### Problem to work on
For this exercise, please find the lines in the entries that include the word "first" and copy them.

*** Opening Records shown ***

Lemma optr_trace1 : \sum_k trace1 k k = n.
Proof.
rewrite /trace1 exchange_big /=.
transitivity (\sum_i trace2 i i); first by [].
under eq_bigr do rewrite trace2E -mulrA.
rewrite -mulr_sumr -[RHS]mulr1 -he1 /inner; congr (_ * _).
by apply: eq_bigr => i _; rewrite mulrC.
Qed.

(* L(omega) for the functional omega(T) = sum_ij W_ij T_ij; every slice map
   of a linear functional has this form (Lsl_Lw). *)
Definition Lw (W : op C I) : op C I := fun k l => \sum_i \sum_j W i j * V (i,k) (j,l).

Definition convw (W1 W2 : op C I) : op C I := fun b b' =>
  \sum_a \sum_i \sum_j \sum_i' \sum_j' W1 i j * W2 i' j' * (V (a,b) (i,i'))^* * V (a,b') (j,j').

Lemma Lw_mul (W1 W2 : op C I) : opmul (Lw W1) (Lw W2) = Lw (convw W1 W2).
Proof.
apply: functional_extensionality => k; apply: functional_extensionality => l.
rewrite /opmul /Lw /convw.
transitivity (\sum_i \sum_j \sum_i' \sum_j' W1 i j * W2 i' j' *
              \sum_m V (i,k) (j,m) * V (i',m) (j',l)).
  under eq_bigr do rewrite mulr_suml.
  rewrite exchange_big; apply: eq_bigr => i _.
  under eq_bigr do rewrite mulr_suml.
  rewrite exchange_big; apply: eq_bigr => j _.
  under eq_bigr do rewrite mulr_sumr.
  rewrite exchange_big; apply: eq_bigr => i' _.
  under eq_bigr do rewrite mulr_sumr.
  rewrite exchange_big; apply: eq_bigr => j' _.
  by rewrite mulr_sumr; apply: eq_bigr => m _; ring.
under eq_bigr do under eq_bigr do under eq_bigr do under eq_bigr do rewrite pentagon_sum13 //.
transitivity (\sum_i \sum_j \sum_i' \sum_j' \sum_a \sum_b' \sum_b
   W1 i j * W2 i' j' * (V (a,b) (i,i'))^* * V (a,b') (j,j') * V (b,k) (b',l)).
  apply: eq_bigr => i _; apply: eq_bigr => j _; apply: eq_bigr => i' _; apply: eq_bigr => j' _.
  rewrite mulr_sumr; apply: eq_bigr => a _.
  rewrite mulr_sumr; apply: eq_bigr => b' _.
  rewrite mulr_suml mulr_sumr; apply: eq_bigr => b _; ring.
rewrite sum_shift4_of7.
transitivity (\sum_b' \sum_b \sum_a \sum_i \sum_j \sum_i' \sum_j'
   W1 i j * W2 i' j' * (V (a,b) (i,i'))^* * V (a,b') (j,j') * V (b,k) (b',l)).
  exact: sum_rot3.
rewrite exchange_big; apply: eq_bigr => b _; apply: eq_bigr => b' _.
rewrite mulr_suml; apply: eq_bigr => a _.
rewrite mulr_suml; apply: eq_bigr => i _.
rewrite mulr_suml; apply: eq_bigr => j _.
rewrite mulr_suml; apply: eq_bigr => i' _.
by rewrite mulr_suml; apply: eq_bigr => j' _.
Qed.

Lemma inner_e_Lw (W : op C I) : inner e (opapp (Lw W) e) = \sum_i \sum_j W i j * (e i * (e j)^*).
Proof.
rewrite /inner /opapp /Lw.
transitivity (\sum_i \sum_j W i j * rho_ee i j); last first.
  by apply: eq_bigr => i _; apply: eq_bigr => j _; rewrite rho_eeE.
rewrite /rho_ee.
transitivity (\sum_k \sum_l \sum_i \sum_j W i j * ((e k)^* * V (i,k) (j,l) * e l)).
  apply: eq_bigr => k _; rewrite mulr_sumr; apply: eq_bigr => l _.
  rewrite mulr_suml mulr_sumr; apply: eq_bigr => i _.
  rewrite mulr_suml mulr_sumr; apply: eq_bigr => j _; ring.
under eq_bigr do rewrite sum_rot3.
rewrite sum_rot3; apply: eq_bigr => i _; apply: eq_bigr => j _.
rewrite mulr_sumr; apply: eq_bigr => k _.
by rewrite mulr_sumr.
Qed.

Lemma optr_Lw (W : op C I) : optr (Lw W) = n * inner e (opapp (Lw W) e).
Proof.
rewrite inner_e_Lw /optr /Lw.
rewrite sum_rot3 mulr_sumr; apply: eq_bigr => i _.
rewrite mulr_sumr; apply: eq_bigr => j _.
transitivity (W i j * trace2 i j); first by rewrite /trace2 mulr_sumr.
by rewrite trace2E; ring.
Qed.

Definition delta_op (i j : I) : op C I := fun a b => (a == i)%:R * (b == j)%:R.

Lemma lin_functional_sum (w : op C I -> C) (T : finType) (F : T -> op C I) :
  lin_functional w -> w (fun a b => \sum_x F x a b) = \sum_x w (F x).
Proof.
move=> [hadd hsc].
have h0 : w (fun _ _ => 0) = 0.
  have -> : (fun _ _ => 0) = opscale 0 (fun _ _ : I => (0 : C)).
    by apply: functional_extensionality => a; apply: functional_extensionality => b;
       rewrite /opscale mul0r.
  by rewrite hsc mul0r.
elim: (index_enum T) => [|x r IH].
  rewrite big_nil -h0; congr w.
  by apply: functional_extensionality => a; apply: functional_extensionality => b; rewrite big_nil.
rewrite big_cons -IH -hadd; congr w.
by apply: functional_extensionality => a; apply: functional_extensionality => b; rewrite big_cons.
Qed.

Lemma lin_functional_coef (w : op C I -> C) (M : op C I) :
  lin_functional w -> w M = \sum_i \sum_j w (delta_op i j) * M i j.
Proof.
move=> hw.
have hM : M = fun a b => \sum_i \sum_j opscale (M i j) (delta_op i j) a b.
  apply: functional_extensionality => a; apply: functional_extensionality => b.
  rewrite /opscale /delta_op.
  transitivity (\sum_i (i == a)%:R * \sum_j (j == b)%:R * M i j); last first.
    apply: eq_bigr => i _; rewrite mulr_sumr; apply: eq_bigr => j _.
    by rewrite (eq_sym a) (eq_sym b); ring.
  rewrite sum_indicl; symmetry.
  by under eq_bigr do rewrite mulrC; rewrite sum_indicr.
rewrite {1}hM (lin_functional_sum (fun i => fun a b => \sum_j opscale (M i j) (delta_op i j) a b)) //.
apply: eq_bigr => i _.
rewrite (lin_functional_sum (fun j => opscale (M i j) (delta_op i j))) //.
by apply: eq_bigr => j _; rewrite hw.2 mulrC.
Qed.

Lemma Lsl_Lw (w : op C I -> C) : lin_functional w -> Lsl V w = Lw (fun i j => w (delta_op i j)).
Proof.
move=> hw; apply: functional_extensionality => k; apply: functional_extensionality => l.
by rewrite /Lsl (lin_functional_coef _ hw).
Qed.

Lemma Lsl_omegaE (x y : vec C I) : Lsl V (omega x y) = Lw (fun i j => (x i)^* * y j).
Proof.
apply: functional_extensionality => k; apply: functional_extensionality => l.
rewrite /Lsl /omega /inner /opapp /Lw; apply: eq_bigr => i _.
by rewrite mulr_sumr; apply: eq_bigr => j _; ring.
Qed.

Lemma rhoE (x y : vec C I) i j :
  rho V (omega x y) i j = \sum_k \sum_l (x k)^* * V (i,k) (j,l) * y l.
Proof.
rewrite /rho /omega /inner /opapp; apply: eq_bigr => k _.
by rewrite mulr_sumr; apply: eq_bigr => l _; ring.
Qed.

Lemma inner_rho_omega (a b x y : vec C I) :
  inner x (opapp (rho V (omega a b)) y) = inner (vtens x a) (opapp V (vtens y b)).
Proof.
transitivity (\sum_i \sum_k \sum_j \sum_l (x i)^* * (a k)^* * V (i,k) (j,l) * y j * b l).
  rewrite /inner /opapp; apply: eq_bigr => i _.
  transitivity (\sum_j \sum_k \sum_l (x i)^* * (a k)^* * V (i,k) (j,l) * y j * b l);
    last exact: exchange_big.
  rewrite mulr_sumr; apply: eq_bigr => j _; rewrite rhoE.
  rewrite mulr_suml mulr_sumr; apply: eq_bigr => k _.
  rewrite mulr_suml mulr_sumr; apply: eq_bigr => l _; ring.
rewrite /inner /opapp /vtens sum_pair; apply: eq_bigr => i _; apply: eq_bigr => k _.
rewrite mulr_sumr sum_pair; apply: eq_bigr => j _.
by apply: eq_bigr => l _; rewrite rmorphM /=; ring.
Qed.

Lemma inner_Lw_dens (a b x y : vec C I) :
  inner x (opapp (Lw (fun i j => (a i)^* * b j)) y) = inner (vtens a x) (opapp V (vtens b y)).
Proof.
transitivity (\sum_k \sum_i \sum_l \sum_j (x k)^* * (a i)^* * V (i,k) (j,l) * y l * b j).
  rewrite /inner /opapp; apply: eq_bigr => k _.
  transitivity (\sum_l \sum_i \sum_j (x k)^* * (a i)^* * V (i,k) (j,l) * y l * b j);
    last exact: exchange_big.
  rewrite mulr_sumr; apply: eq_bigr => l _; rewrite /Lw.
  rewrite mulr_suml mulr_sumr; apply: eq_bigr => i _.
  rewrite mulr_suml mulr_sumr; apply: eq_bigr => j _; ring.
rewrite exchange_big /inner /opapp /vtens sum_pair; apply: eq_bigr => i _; apply: eq_bigr => k _.
rewrite mulr_sumr sum_pair /= exchange_big; apply: eq_bigr => l _.
by apply: eq_bigr => j _; rewrite rmorphM /=; ring.
Qed.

*** Closing Records shown ***

### Problem solution
transitivity (\sum_i trace2 i i); first by [].
transitivity (\sum_i \sum_j W i j * rho_ee i j); last first.
transitivity (W i j * trace2 i j); first by rewrite /trace2 mulr_sumr.
  transitivity (\sum_i (i == a)%:R * \sum_j (j == b)%:R * M i j); last first.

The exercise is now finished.